== Exercise objective ==
Transcribe the records that follow, keeping every word as it stands.

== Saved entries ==
== == ==

Lemma decoded_sub_defectives : (exists l0, x l0) -> decoded x T \subset defectives x.
Proof.
move=> [l0 xl0]; apply/subsetP => l; rewrite !inE.
case/existsP => k /andP [/eqP weight_L /forallP first_half].
case: (pickP (fun j => T (k, j) && x j)) => [j /andP [Tkj xj] | no_neighbour].
  suff -> : l = j by [].
  apply: val_inj; apply: (@bit_inj L); rewrite ?ltn_ord // => r r_lt.
  have := first_half (Ordinal r_lt); rewrite /bvec (meas_lshift_of_weight Tkj xj weight_L).
  by move/eqP.
(* Without a defective neighbour the weight is 0, so L = 0 and l0 is the
   only item. *)
have empty_meas : [set r | meas x T k r] = set0.
  apply/setP => r; rewrite !inE; apply/negbTE/existsP => [[j /and3P [Tkj xj _]]].
  by have := no_neighbour j; rewrite /= Tkj xj.
move: weight_L; rewrite /meas_weight empty_meas cards0 => L0.
suff -> : l = l0 by [].
have one_item : (2 ^ L = 1)%N by rewrite -L0.
have l_lt1 : (l < 1)%N := leq_trans (ltn_ord l) (eq_leq one_item).
have l0_lt1 : (l0 < 1)%N := leq_trans (ltn_ord l0) (eq_leq one_item).
by apply: val_inj => /=; lia.
Qed.

Lemma defectives_sub_decoded :
  ~~ some_defective_unresolved x T -> defectives x \subset decoded x T.
Proof.
move=> /existsPn resolved; apply/subsetP => l; rewrite !inE => xl.
have := resolved l; rewrite xl /= => /forallPn [k]; rewrite negbK => /andP [Tkl single].
have meas_sig := meas_singleton Tkl xl single.
apply/existsP; exists k; apply/andP; split.
  rewrite meas_weight_split (eq_bigr (fun _ => 1%N)) ?sum1_card ?card_ord //.
  by move=> r _; rewrite !meas_sig signature_lshift signature_rshift; case: bit.
by apply/forallP => r; rewrite meas_sig signature_lshift.
Qed.

Lemma decoded_eq_defectives : (exists l0, x l0) ->
  ~~ some_defective_unresolved x T -> decoded x T = defectives x.
Proof.
move=> has_defective resolved; apply/eqP; rewrite eqEsubset.
by rewrite decoded_sub_defectives // defectives_sub_decoded.
Qed.

End Decoder.

(** * Cost of decoding *)

Lemma decode_cost_le M L (x : defvec L) (T : graph M L) :
  (decode_cost x T <= 3 * L * M)%N.
Proof.
apply: (@leq_trans (\sum_(k < M) (3 * L))%N).
  by apply: leq_sum => k _; case: ifP; lia.
by rewrite sum_nat_const card_ord mulnC.
Qed.

Lemma ln2_gt0 : 0 < ln 2.
Proof. by rewrite -ln_1; apply: ln_increasing; lra. Qed.

Lemma two_ln2_le k : 2 <= k -> 2 * ln 2 <= k * ln k.
Proof.
move=> k_ge2; have ln2_pos := ln2_gt0.
have : ln 2 <= ln k by case: k_ge2 => [/ln_increasing|<-]; lra.
nra.
Qed.

Lemma INR_decode_cost_le c K M L (x : defvec L) (T : graph M L) :
  0 <= c -> (2 <= K)%N -> INR M < c * INR K * ln (INR K) + 1 ->
  INR (decode_cost x T) <= 3 * (c + / (2 * ln 2)) * INR K * ln (INR K) * INR L.
Proof.
move=> c_ge0 K_ge2 M_lt; set A := INR K * ln (INR K).
have ln2_pos := ln2_gt0.
have one_le : 1 <= / (2 * ln 2) * A.
  have -> : 1 = / (2 * ln 2) * (2 * ln 2) by field; lra.
  apply: Rmult_le_compat_l; first by apply: Rlt_le; apply: Rinv_0_lt_compat; lra.
  by apply: two_ln2_le; apply: (le_INR 2); lia.
have cost := le_INR _ _ (elimT leP (decode_cost_le x T)); rewrite !mult_INR in cost.
have -> : 3 * (c + / (2 * ln 2)) * INR K * ln (INR K) * INR L =
          INR 3 * INR L * ((c + / (2 * ln 2)) * A) by rewrite /A /=; ring.
apply: (Rle_trans _ _ _ cost); apply: Rmult_le_compat_l.
  by have := pos_INR L; rewrite /=; lra.
by rewrite /A in one_le *; lra.
Qed.

Theorem theorem3 (alpha : R) (halpha : (0 < alpha)) :
  exists C : R,
  forall (K L M : nat) (x : defvec L),
    (0 < K)%nat ->
    #|defectives x| = K ->
    (* M = e (1 + alpha) K ln K, rounded up to an integer *)
    (exp 1 * (1 + alpha) * INR K * ln (INR K) <= INR M) ->
    (INR M < exp 1 * (1 + alpha) * INR K * ln (INR K) + 1) ->
    [/\ (prob (/ INR K) (fun T : graph M L => decoded x T != defectives x)
           <= Rpower (INR K) (- alpha)),
        (prob (/ INR K) (fun T : graph M L => some_defective_unresolved x T)
           <= Rpower (INR K) (- alpha))
      & (2 <= K)%nat -> forall T : graph M L,
          (INR (decode_cost x T) <= C * INR K * ln (INR K) * INR L)].
Proof.
exists (3 * (exp 1 * (1 + alpha) + / (2 * ln 2))).
move=> K L M x K_gt0 card_x M_ge M_lt.
have K_ge1 : 1 <= INR K by apply: (le_INR 1); lia.
have p01 : 0 <= / INR K <= 1.
  split; first by apply: Rlt_le; apply: Rinv_0_lt_compat; lra.
  by rewrite -Rinv_1; apply: Rinv_le_contravar; lra.
have unresolved_le :
    prob (/ INR K) (fun T : graph M L => some_defective_unresolved x T)
      <= Rpower (INR K) (- alpha).
  apply: (Rle_trans _ _ _ (prob_unresolved_le M x p01)).
  by rewrite card_x; exact: unresolved_bound.
have has_defective : exists l0, x l0.
  have /card_gt0P [l0] : (0 < #|defectives x|)%N by rewrite card_x.
  by rewrite inE => xl0; exists l0.
split => //.
- apply: Rle_trans unresolved_le; apply: le_prob => // T.
  by apply: contraNT => /(decoded_eq_defectives has_defective) ->.
- by move=> K_ge2 T; apply: INR_decode_cost_le => //; have := exp_pos 1; nra.
Qed.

== == ==

== Result of the task ==
Lemma decoded_sub_defectives : (exists l0, x l0) -> decoded x T \subset defectives x.
Proof.
move=> [l0 xl0]; apply/subsetP => l; rewrite !inE.
case/existsP => k /andP [/eqP weight_L /forallP first_half].
case: (pickP (fun j => T (k, j) && x j)) => [j /andP [Tkj xj] | no_neighbour].
  suff -> : l = j by [].
  apply: val_inj; apply: (@bit_inj L); rewrite ?ltn_ord // => r r_lt.
  have := first_half (Ordinal r_lt); rewrite /bvec (meas_lshift_of_weight Tkj xj weight_L).
  by move/eqP.
(* Without a defective neighbour the weight is 0, so L = 0 and l0 is the
   only item. *)
have empty_meas : [set r | meas x T k r] = set0.
  apply/setP => r; rewrite !inE; apply/negbTE/existsP => [[j /and3P [Tkj xj _]]].
  by have := no_neighbour j; rewrite /= Tkj xj.
move: weight_L; rewrite /meas_weight empty_meas cards0 => L0.
suff -> : l = l0 by [].
have one_item : (2 ^ L = 1)%N by rewrite -L0.
have l_lt1 : (l < 1)%N := leq_trans (ltn_ord l) (eq_leq one_item).
have l0_lt1 : (l0 < 1)%N := leq_trans (ltn_ord l0) (eq_leq one_item).
by apply: val_inj => /=; lia.
Qed.

Lemma defectives_sub_decoded :
  ~~ some_defective_unresolved x T -> defectives x \subset decoded x T.
Proof.
move=> /existsPn resolved; apply/subsetP => l; rewrite !inE => xl.
have := resolved l; rewrite xl /= => /forallPn [k]; rewrite negbK => /andP [Tkl single].
have meas_sig := meas_singleton Tkl xl single.
apply/existsP; exists k; apply/andP; split.
  rewrite meas_weight_split (eq_bigr (fun _ => 1%N)) ?sum1_card ?card_ord //.
  by move=> r _; rewrite !meas_sig signature_lshift signature_rshift; case: bit.
by apply/forallP => r; rewrite meas_sig signature_lshift.
Qed.

Lemma decoded_eq_defectives : (exists l0, x l0) ->
  ~~ some_defective_unresolved x T -> decoded x T = defectives x.
Proof.
move=> has_defective resolved; apply/eqP; rewrite eqEsubset.
by rewrite decoded_sub_defectives // defectives_sub_decoded.
Qed.

End Decoder.

(** * Cost of decoding *)

Lemma decode_cost_le M L (x : defvec L) (T : graph M L) :
  (decode_cost x T <= 3 * L * M)%N.
Proof.
apply: (@leq_trans (\sum_(k < M) (3 * L))%N).
  by apply: leq_sum => k _; case: ifP; lia.
by rewrite sum_nat_const card_ord mulnC.
Qed.

Lemma ln2_gt0 : 0 < ln 2.
Proof. by rewrite -ln_1; apply: ln_increasing; lra. Qed.

Lemma two_ln2_le k : 2 <= k -> 2 * ln 2 <= k * ln k.
Proof.
move=> k_ge2; have ln2_pos := ln2_gt0.
have : ln 2 <= ln k by case: k_ge2 => [/ln_increasing|<-]; lra.
nra.
Qed.

Lemma INR_decode_cost_le c K M L (x : defvec L) (T : graph M L) :
  0 <= c -> (2 <= K)%N -> INR M < c * INR K * ln (INR K) + 1 ->
  INR (decode_cost x T) <= 3 * (c + / (2 * ln 2)) * INR K * ln (INR K) * INR L.
Proof.
move=> c_ge0 K_ge2 M_lt; set A := INR K * ln (INR K).
have ln2_pos := ln2_gt0.
have one_le : 1 <= / (2 * ln 2) * A.
  have -> : 1 = / (2 * ln 2) * (2 * ln 2) by field; lra.
  apply: Rmult_le_compat_l; first by apply: Rlt_le; apply: Rinv_0_lt_compat; lra.
  by apply: two_ln2_le; apply: (le_INR 2); lia.
have cost := le_INR _ _ (elimT leP (decode_cost_le x T)); rewrite !mult_INR in cost.
have -> : 3 * (c + / (2 * ln 2)) * INR K * ln (INR K) * INR L =
          INR 3 * INR L * ((c + / (2 * ln 2)) * A) by rewrite /A /=; ring.
apply: (Rle_trans _ _ _ cost); apply: Rmult_le_compat_l.
  by have := pos_INR L; rewrite /=; lra.
by rewrite /A in one_le *; lra.
Qed.

Theorem theorem3 (alpha : R) (halpha : (0 < alpha)) :
  exists C : R,
  forall (K L M : nat) (x : defvec L),
    (0 < K)%nat ->
    #|defectives x| = K ->
    (* M = e (1 + alpha) K ln K, rounded up to an integer *)
    (exp 1 * (1 + alpha) * INR K * ln (INR K) <= INR M) ->
    (INR M < exp 1 * (1 + alpha) * INR K * ln (INR K) + 1) ->
    [/\ (prob (/ INR K) (fun T : graph M L => decoded x T != defectives x)
           <= Rpower (INR K) (- alpha)),
        (prob (/ INR K) (fun T : graph M L => some_defective_unresolved x T)
           <= Rpower (INR K) (- alpha))
      & (2 <= K)%nat -> forall T : graph M L,
          (INR (decode_cost x T) <= C * INR K * ln (INR K) * INR L)].
Proof.
exists (3 * (exp 1 * (1 + alpha) + / (2 * ln 2))).
move=> K L M x K_gt0 card_x M_ge M_lt.
have K_ge1 : 1 <= INR K by apply: (le_INR 1); lia.
have p01 : 0 <= / INR K <= 1.
  split; first by apply: Rlt_le; apply: Rinv_0_lt_compat; lra.
  by rewrite -Rinv_1; apply: Rinv_le_contravar; lra.
have unresolved_le :
    prob (/ INR K) (fun T : graph M L => some_defective_unresolved x T)
      <= Rpower (INR K) (- alpha).
  apply: (Rle_trans _ _ _ (prob_unresolved_le M x p01)).
  by rewrite card_x; exact: unresolved_bound.
have has_defective : exists l0, x l0.
  have /card_gt0P [l0] : (0 < #|defectives x|)%N by rewrite card_x.
  by rewrite inE => xl0; exists l0.
split => //.
- apply: Rle_trans unresolved_le; apply: le_prob => // T.
  by apply: contraNT => /(decoded_eq_defectives has_defective) ->.
- by move=> K_ge2 T; apply: INR_decode_cost_le => //; have := exp_pos 1; nra.
Qed.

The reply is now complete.